# Troubleshooting my amp/sub install to factory radio



## Johnny B (Jun 4, 2019)

Adamkillafonz said:


> hooked my remote wire to an add-a-circut and plugged it into one of the 20 amp power outlets on my Fuze box


Take note on how the add-a-circuit is plugged in, remove it, then install so the blades are reversed.
That is likely your issue, or you didn't add the fuses to the add-a-circuit.


----------



## Blasirl (Mar 31, 2015)

how to place the fuses in an add a fuse - Google Search


----------



## Thebigzeus (Dec 2, 2018)

A couple of things. If you jump 12v to the remote wire input in the amp, does it power up?

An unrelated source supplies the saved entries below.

Theorem lemma5p4 (R : realFieldType) (Sin : finType) (Sout : eqType) (n : nat)
  (G : layered_graph Sin n) (C : code Sout G) (w : seq Sout) (eps : R) :
  size w = n -> (0 < eps)%R ->
  forall S : vtx G -> Prop,
    (forall v, S v -> inL C w eps v) ->
    exists P : vtx G -> seq Sin, prefix_tree C w eps S P.
Proof.
move=> size_w _ S S_L; pose score := excess_score C w eps.
pose P := fun v : vtx G => best score (layer v) v.
have S_opt v : S v -> exists p, [/\ P v = opt G score p, (0 < size p <= n)%N,
    vend G p = v & good_path C w eps p].
  case/S_L=> i [range_i [p [size_p [<- good_p]]]]; exists p; split=> //.
    by rewrite /P /opt layer_vend // size_p; case/andP: range_i.
  by rewrite size_p.
have P_opt v : S v -> optimal G score (P v) /\ (size (P v) <= n)%N.
  by case/S_opt=> p [-> /andP[_ le_pn] _ _]; rewrite size_opt; split; first exact: optimal_opt.
exists P; split; last exact: optimal_union_is_rooted_tree P_opt.
move=> v /S_opt [p [-> size_p <- good_p]]; split; first exact: vend_opt.
have size_opt_p : (0 < size (opt G score p) <= n)%N by rewrite size_opt.
apply/(good_path_excess_score C eps size_w size_opt_p).
have [_ le_pn] := andP size_p.
apply: le_lt_trans (opt_le (excess_score_rcons_le size_w) le_pn) _.
exact/(good_path_excess_score C eps size_w size_p).
Qed.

doea a voltmeter show both the positive and negative wires at the amp have power?


----------



## Adamkillafonz (Jul 4, 2021)

Thanks for the replies, I got the issue resolved. I had the add a circuit in backwards and had a 20 amp fuse in the wrong slot. Switched to a 10 amp in the other slot and flipped it over and works perfectly now. Another question...
Someone mentioned that I should add a power supply or a capacitor to power the subs so I don't burn out my alternator. I have 2 12" kenwoods with a 1200 watt walmart amp. Is additional power necessary? If I don't add something to take the load off my battery will it really wear my alternator out faster? Thanks again for the help!


----------



## Mister Bogus (Jul 8, 2021)

Adamkillafonz said:


> Thanks for the replies, I got the issue resolved. I had the add a circuit in backwards and had a 20 amp fuse in the wrong slot. Switched to a 10 amp in the other slot and flipped it over and works perfectly now. Another question...
> Someone mentioned that I should add a power supply or a capacitor to power the subs so I don't burn out my alternator. I have 2 12" kenwoods with a 1200 watt walmart amp. Is additional power necessary? If I don't add something to take the load off my battery will it really wear my alternator out faster? Thanks again for the help!


Hey Adam!

A capacitor really helps maintain sound integrity and prevent under-voltage during heavy sound loads. It also helps reduce strain on the charging system and prevent light dimming. I would recommend using one.

Bogus


----------



## Johnny B (Jun 4, 2019)

Adamkillafonz said:


> I had the add a circuit in backwards


I called it  

Thanks for getting back us


----------